— Directions —
Reproduce exactly, and only, the lines below from the one containing "by rewrite rootM root_XsubC (negPf x_neq1)." through the one containing "have [L L_large]".

— Records shown —

(* [u = v / deg] turns a left eigenvector of [P] into a right eigenvector of the adjacency
   matrix relative to the degrees. *)
Lemma left_eigenvector_dirichlet (v : 'rV[R]_n) lam :
  v != 0 -> v *m trans_mx e R = lam *: v -> \sum_j v ord0 j = 0 ->
  exists u : 'I_n -> R, [/\ \sum_i d i * u i = 0, 0 < deg_sqnorm e u &
    dirichlet e u = 2 * (1 - lam) * deg_sqnorm e u].
Proof.
move=> v_neq0 v_eigen v_sum0; pose u i := v ord0 i / d i.
have d_neq0 i : d i != 0 by rewrite pnatr_eq0 -lt0n.
have vE i : v ord0 i = d i * u i by rewrite /u mulrC divfK.
exists u; split.
- by rewrite -[RHS]v_sum0; apply: eq_bigr => i _; rewrite vE.
- have [i vi_neq0] : exists i, v ord0 i != 0.
    apply/existsP; apply: contraR v_neq0; rewrite negb_exists => /forallP v0.
    by apply/eqP/rowP => i; rewrite mxE; apply/eqP; rewrite -[_ == _]negbK v0.
  rewrite /deg_sqnorm (bigD1 i) //= ltr_pwDl ?sumr_ge0 // => [|k _].
    rewrite mulr_gt0 ?ltr0n // exprn_even_gt0 //.
    by move: vi_neq0; rewrite vE mulf_eq0 negb_or => /andP [].
  by rewrite mulr_ge0 ?ler0n ?sqr_ge0.
- apply: dirichlet_eigen => // j.
  have := congr1 (fun M : 'rV[R]_n => M ord0 j) v_eigen; rewrite !mxE -mulrA -vE => <-.
  by apply: eq_bigr => i _; rewrite trans_mxE vE; field.
Qed.

End TransitionMatrix.

Lemma min_deg_gt0 (R : realType) n (e : rel 'I_n.+1) (delta : R) : 0 < delta ->
  (forall v, delta * n.+1%:R <= (deg e v)%:R) -> forall i, (0 < deg e i)%N.
Proof.
move=> delta_gt0 min_deg i; rewrite -(ltr0n R).
by apply: lt_le_trans (min_deg i); rewrite mulr_gt0 ?ltr0Sn.
Qed.

Lemma spectral_gap_deflate (R : realType) n (e : rel 'I_n.+1) (delta : R) L lam :
  symmetric e -> 0 < delta -> (forall v, delta * n.+1%:R <= (deg e v)%:R) ->
  2 <= L.+1%:R * delta -> root (char_poly (deflate (trans_mx e R))) lam ->
  lam <= 1 /\ cheeger e R <= 2 * poincare_const R L * (1 - lam).
Proof.
move=> e_sym delta_gt0 min_deg L_large root_lam.
have deg_gt0 := min_deg_gt0 delta_gt0 min_deg.
have [v [v_neq0 v_eigen v_sum0]] :=
  deflate_eigenvector (trans_mx_stochastic R deg_gt0) root_lam.
have [u [u_balanced mass_gt0 energy_eq]] :=
  left_eigenvector_dirichlet e_sym deg_gt0 v_neq0 v_eigen v_sum0.
have := poincare_inequality min_deg L_large u_balanced; have := dirichlet_ge0 e u.
rewrite energy_eq; split; first by nra.
by rewrite -(ler_pM2r mass_gt0); nra.
Qed.

Lemma sorted_second_root (R : realDomainType) (s : seq R) (q : {poly R}) :
  sorted >=%R s -> \prod_(x <- s) ('X - x%:P) = ('X - 1%:P) * q ->
  (forall x, root q x -> x <= 1) -> (1 < size s)%N -> root q s`_1.
Proof.
case: s => [|s0 [|s1 s]] //= /andP [s10 _] char_s roots_le1 _.
have root_q x : x != 1 -> x \in [:: s0, s1 & s] -> root q x.
  move=> x_neq1 x_in; have : root (('X - 1%:P) * q) x.
    by rewrite -char_s root_prod_XsubC.
  by rewrite rootM root_XsubC (negPf x_neq1).
have [s1_1|] := eqVneq s1 1; last by move/root_q; apply; rewrite !inE eqxx orbT.
have [s0_1|s0_neq1] := eqVneq s0 1; last first.
  have s0_le1 := roots_le1 _ (root_q _ s0_neq1 (mem_head _ _)).
  by move: s0_neq1; rewrite eq_le s0_le1 -s1_1 s10.
move: char_s; rewrite !big_cons s0_1 s1_1 => /mulfI <- //; last by rewrite monic_neq0 ?monicXsubC.
by rewrite rootM root_XsubC eqxx.
Qed.

Lemma sorted_spectrum_size (R : realType) n (e : rel 'I_n) (s : seq R) :
  sorted_spectrum e s -> size s = n.
Proof.
by case=> _ char_s; have := size_char_poly (trans_mx e R); rewrite char_s size_prod_XsubC => -[].
Qed.

Lemma cheeger_le_second_eigenvalue (R : realType) n (e : rel 'I_n) (delta : R) L s :
  symmetric e -> 0 < delta -> (forall v, delta * n%:R <= (deg e v)%:R) ->
  2 <= L.+1%:R * delta -> sorted_spectrum e s -> (1 < size s)%N ->
  cheeger e R <= 2 * poincare_const R L * (1 - s`_1).
Proof.
move=> e_sym delta_gt0 min_deg L_large s_spec size_gt1.
case: n e e_sym min_deg s_spec => [|n] e e_sym min_deg s_spec.
  by rewrite (sorted_spectrum_size s_spec) in size_gt1.
case: s_spec => s_sorted char_s.
have char_deflate :=
  char_poly_deflate (trans_mx_stochastic R (min_deg_gt0 delta_gt0 min_deg)).
have roots_le1 x : root (char_poly (deflate (trans_mx e R))) x -> x <= 1.
  by case/(spectral_gap_deflate e_sym delta_gt0 min_deg L_large).
have := sorted_second_root s_sorted (etrans (esym char_s) char_deflate) roots_le1 size_gt1.
by case/(spectral_gap_deflate e_sym delta_gt0 min_deg L_large).
Qed.

Unset Implicit Arguments.

Theorem theorem1p2 (R : realType) (delta : R) :
  0 < delta < 1 ->
  exists c : R, 0 < c /\
    forall (n : nat) (e : rel 'I_n),
      simple_graph e ->
      (forall v : 'I_n, delta * n%:R <= (deg e v)%:R) ->
      forall s : seq R, sorted_spectrum e s ->
        (* spectral gap gamma(G) = 1 - lambda_2 with lambda_2 = s`_1 *)
        c * cheeger e R <= 1 - s`_1.
Proof.
move=> /andP [delta_gt0 _].
have [L L_large] : exists L : nat, 2 <= L.+1%:R * delta.
  exists (Num.Def.archi_bound (2 / delta)); rewrite -ler_pdivrMr //.
  have /archi_boundP/ltW/le_trans : 0 <= 2 / delta by rewrite divr_ge0 ?ltW.
  by apply; rewrite ler_nat.
have C_ge8 : 8 <= poincare_const R L by rewrite lerDr; nonneg.
pose c := (2 * poincare_const R L)^-1.
have c_gt0 : 0 < c by rewrite invr_gt0; lra.
have c_le1 : c <= 1 by rewrite invf_le1; lra.
exists c; split => // n e [e_sym _] min_deg s s_spec.
have [size_le1|size_gt1] := leqP (size s) 1.
  rewrite nth_default // subr0; have := cheeger_ge0 R e; have := cheeger_le1 R e.
  by move: c_le1 c_gt0; nra.
have gap := cheeger_le_second_eigenvalue e_sym delta_gt0 min_deg L_large s_spec size_gt1.
apply: le_trans (ler_wpM2l (ltW c_gt0) gap) _.
by rewrite /c mulrA mulVf ?mul1r //; lra.
Qed.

— Written response —
  by rewrite rootM root_XsubC (negPf x_neq1).
have [s1_1|] := eqVneq s1 1; last by move/root_q; apply; rewrite !inE eqxx orbT.
have [s0_1|s0_neq1] := eqVneq s0 1; last first.
  have s0_le1 := roots_le1 _ (root_q _ s0_neq1 (mem_head _ _)).
  by move: s0_neq1; rewrite eq_le s0_le1 -s1_1 s10.
move: char_s; rewrite !big_cons s0_1 s1_1 => /mulfI <- //; last by rewrite monic_neq0 ?monicXsubC.
by rewrite rootM root_XsubC eqxx.
Qed.

Lemma sorted_spectrum_size (R : realType) n (e : rel 'I_n) (s : seq R) :
  sorted_spectrum e s -> size s = n.
Proof.
by case=> _ char_s; have := size_char_poly (trans_mx e R); rewrite char_s size_prod_XsubC => -[].
Qed.

Lemma cheeger_le_second_eigenvalue (R : realType) n (e : rel 'I_n) (delta : R) L s :
  symmetric e -> 0 < delta -> (forall v, delta * n%:R <= (deg e v)%:R) ->
  2 <= L.+1%:R * delta -> sorted_spectrum e s -> (1 < size s)%N ->
  cheeger e R <= 2 * poincare_const R L * (1 - s`_1).
Proof.
move=> e_sym delta_gt0 min_deg L_large s_spec size_gt1.
case: n e e_sym min_deg s_spec => [|n] e e_sym min_deg s_spec.
  by rewrite (sorted_spectrum_size s_spec) in size_gt1.
case: s_spec => s_sorted char_s.
have char_deflate :=
  char_poly_deflate (trans_mx_stochastic R (min_deg_gt0 delta_gt0 min_deg)).
have roots_le1 x : root (char_poly (deflate (trans_mx e R))) x -> x <= 1.
  by case/(spectral_gap_deflate e_sym delta_gt0 min_deg L_large).
have := sorted_second_root s_sorted (etrans (esym char_s) char_deflate) roots_le1 size_gt1.
by case/(spectral_gap_deflate e_sym delta_gt0 min_deg L_large).
Qed.

Unset Implicit Arguments.

Theorem theorem1p2 (R : realType) (delta : R) :
  0 < delta < 1 ->
  exists c : R, 0 < c /\
    forall (n : nat) (e : rel 'I_n),
      simple_graph e ->
      (forall v : 'I_n, delta * n%:R <= (deg e v)%:R) ->
      forall s : seq R, sorted_spectrum e s ->
        (* spectral gap gamma(G) = 1 - lambda_2 with lambda_2 = s`_1 *)
        c * cheeger e R <= 1 - s`_1.
Proof.
move=> /andP [delta_gt0 _].
have [L L_large] : exists L : nat, 2 <= L.+1%:R * delta.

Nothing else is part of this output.